* **TO DO**: Check each line of the entries below for the string "addrC"; copy every line where it appears.
=== Section Start ===
(* Write beta through the Gram matrices of its r components; then
   S :&: B_{x_1.} :&: ... :&: B_{x_k.} is the annihilator in S of the span of
   the vectors x_i B_l. If the two such subspaces for x and y do not sum to S,
   taking annihilators yields lambda <> 0 and mu in F_p^(k x r) with
   sum_i lambda_i.beta(x_i, z) = sum_i mu_i.beta(y_i, z) for every z in S.
   For fixed (lambda, mu) pick j with lambda_j <> 0: once the other 2k - 1
   coordinates are fixed, any two admissible x_j differ by an element of the
   left kernel of lambda_j.beta on V x S, which has at most p^(dim V + d - s)
   elements because lambda_j.beta has rank at least s on V. Summing over the
   p^(2kr) pairs (lambda, mu) bounds the exceptional tuples by
   p^(2kr + d - s) |V|^(2k), which is below the stated bound. *)

Section Annihilator.
Variables (F : fieldType) (n : nat).

Definition annmx m (A : 'M[F]_(m, n)) : 'M[F]_n := kermx A^T.
Arguments annmx {m} A%_MS.

Lemma sub_annmx m1 m2 (A : 'M[F]_(m1, n)) (B : 'M[F]_(m2, n)) :
  (B <= annmx A)%MS = (B *m A^T == 0).
Proof. exact: sub_kermx. Qed.

Lemma sub_annmxC m1 m2 (A : 'M[F]_(m1, n)) (B : 'M[F]_(m2, n)) :
  (B <= annmx A)%MS = (A <= annmx B)%MS.
Proof. by rewrite !sub_annmx -trmx_eq0 trmx_mul trmxK. Qed.

Lemma annmxS m1 m2 (A : 'M[F]_(m1, n)) (B : 'M[F]_(m2, n)) :
  (A <= B)%MS -> (annmx B <= annmx A)%MS.
Proof. by move=> sAB; rewrite sub_annmxC (submx_trans sAB) // -sub_annmxC. Qed.

Lemma eqmx_annmx m1 m2 (A : 'M[F]_(m1, n)) (B : 'M[F]_(m2, n)) :
  (A :=: B)%MS -> (annmx A :=: annmx B)%MS.
Proof. by move=> eqAB; apply/eqmxP; rewrite !annmxS ?eqAB. Qed.

Lemma mxrank_annmx m (A : 'M[F]_(m, n)) : \rank (annmx A) = (n - \rank A)%N.
Proof. by rewrite mxrank_ker mxrank_tr. Qed.

Lemma annmxK m (A : 'M[F]_(m, n)) : (annmx (annmx A) :=: A)%MS.
Proof.
have sA : (A <= annmx (annmx A))%MS by rewrite -sub_annmxC.
apply/eqmx_sym/eqmxP; rewrite -(eq_leqif (mxrank_leqif_eq sA)) !mxrank_annmx.
by rewrite subKn ?rank_leq_col.
Qed.

Lemma annmx_adds m1 m2 (A : 'M[F]_(m1, n)) (B : 'M[F]_(m2, n)) :
  (annmx (A + B) :=: annmx A :&: annmx B)%MS.
Proof.
apply/eqmxP/andP; split; first by rewrite sub_capmx !annmxS ?addsmxSl ?addsmxSr.
by rewrite sub_annmxC addsmx_sub; apply/andP; split; rewrite -sub_annmxC ?capmxSl ?capmxSr.
Qed.

Lemma annmx_cap m1 m2 (A : 'M[F]_(m1, n)) (B : 'M[F]_(m2, n)) :
  (annmx (A :&: B) :=: annmx A + annmx B)%MS.
Proof.
apply: eqmx_trans _ (annmxK (annmx A + annmx B)%MS).
apply: eqmx_annmx; apply: eqmx_sym; apply: eqmx_trans (annmx_adds _ _) _.
exact: cap_eqmx (annmxK A) (annmxK B).
Qed.

Lemma capmx_annmx m1 m2 (A : 'M[F]_(m1, n)) (B : 'M[F]_(m2, n)) :
  (A :&: annmx B :=: annmx (annmx A + B))%MS.
Proof.
apply: eqmx_sym; apply: eqmx_trans (annmx_adds _ _) _.
exact: cap_eqmx (annmxK A) (eqmx_refl _).
Qed.

(* Taking annihilators, the hypothesis says that (S^perp + W1) :&: (S^perp + W2)
   is not contained in S^perp; decompose a witness in both sums. *)
Lemma not_sub_adds_cap_annmx m m1 m2 (S : 'M[F]_(m, n))
    (W1 : 'M[F]_(m1, n)) (W2 : 'M[F]_(m2, n)) :
  ~~ (S <= (S :&: annmx W1) + (S :&: annmx W2))%MS ->
  exists g1 g2 : 'rV[F]_n,
    [/\ (g1 <= W1)%MS, (g2 <= W2)%MS, g1 != 0 & (g1 - g2 <= annmx S)%MS].
Proof.
set T1 := (annmx S + W1)%MS; set T2 := (annmx S + W2)%MS.
have sum_capE : ((S :&: annmx W1) + (S :&: annmx W2) :=: annmx (T1 :&: T2))%MS.
  apply: eqmx_trans (adds_eqmx (capmx_annmx _ _) (capmx_annmx _ _)) _.
  exact: eqmx_sym (annmx_cap _ _).
rewrite sum_capE => notS.
have /row_subPn[i notSi] : ~~ (T1 :&: T2 <= annmx S)%MS.
  by apply: contra notS => /annmxS; rewrite (annmxK S).
have /sub_addsmxP[[u1 v1] /= wE1] := submx_trans (row_sub i _) (capmxSl T1 T2).
have /sub_addsmxP[[u2 v2] /= wE2] := submx_trans (row_sub i _) (capmxSr T1 T2).
exists (v1 *m W1), (v2 *m W2); split; rewrite ?submxMl //.
  by apply: contra notSi => /eqP v0; rewrite wE1 v0 addr0 submxMl.
have -> : v1 *m W1 - v2 *m W2 = u2 *m annmx S - u1 *m annmx S.
  have eW1 : v1 *m W1 = row i (T1 :&: T2)%MS - u1 *m annmx S by rewrite wE1 addrC addKr.
  have eW2 : v2 *m W2 = row i (T1 :&: T2)%MS - u2 *m annmx S by rewrite wE2 addrC addKr.
  by rewrite eW1 eW2 opprB addrC addrA subrK.
by rewrite addmx_sub ?eqmx_opp ?submxMl.
Qed.

End Annihilator.
Arguments annmx {F n m} A%_MS.

Section Lines.
Variables (F : fieldType) (n : nat) (I : finType) (g : I -> 'rV[F]_n).

Lemma sub_sum_linesP w :
  reflect (exists c : I -> F, w = \sum_i c i *: g i) (w <= \sum_i <<g i>>)%MS.
Proof.
apply: (iffP idP) => [/sub_sumsmxP[u ->]|[c ->]].
  have /fin_all_exists[c cE] : forall i, exists a, u i *m <<g i>>%MS = a *: g i.
    by move=> i; apply/sub_rVP; rewrite -(genmxE (g i)) submxMl.
  by exists c; apply: eq_bigr => i _; rewrite cE.
by apply: summx_sub => i _; rewrite (sumsmx_sup i) ?scalemx_sub ?genmxE.
Qed.

Lemma sub_annmx_sum_lines (z : 'rV[F]_n) :
  (z <= annmx (\sum_i <<g i>>))%MS = [forall i, g i *m z^T == 0].
Proof.
rewrite sub_annmxC; apply/sumsmx_subP/forallP => [sub_g i | orth_g i _].
  by rewrite -sub_annmx -(genmxE (g i)) sub_g.
by rewrite genmxE sub_annmx orth_g.
Qed.
End Lines.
=== Section End ===
* **RESULT OF THE TASK**:
  have eW1 : v1 *m W1 = row i (T1 :&: T2)%MS - u1 *m annmx S by rewrite wE1 addrC addKr.
  have eW2 : v2 *m W2 = row i (T1 :&: T2)%MS - u2 *m annmx S by rewrite wE2 addrC addKr.
  by rewrite eW1 eW2 opprB addrC addrA subrK.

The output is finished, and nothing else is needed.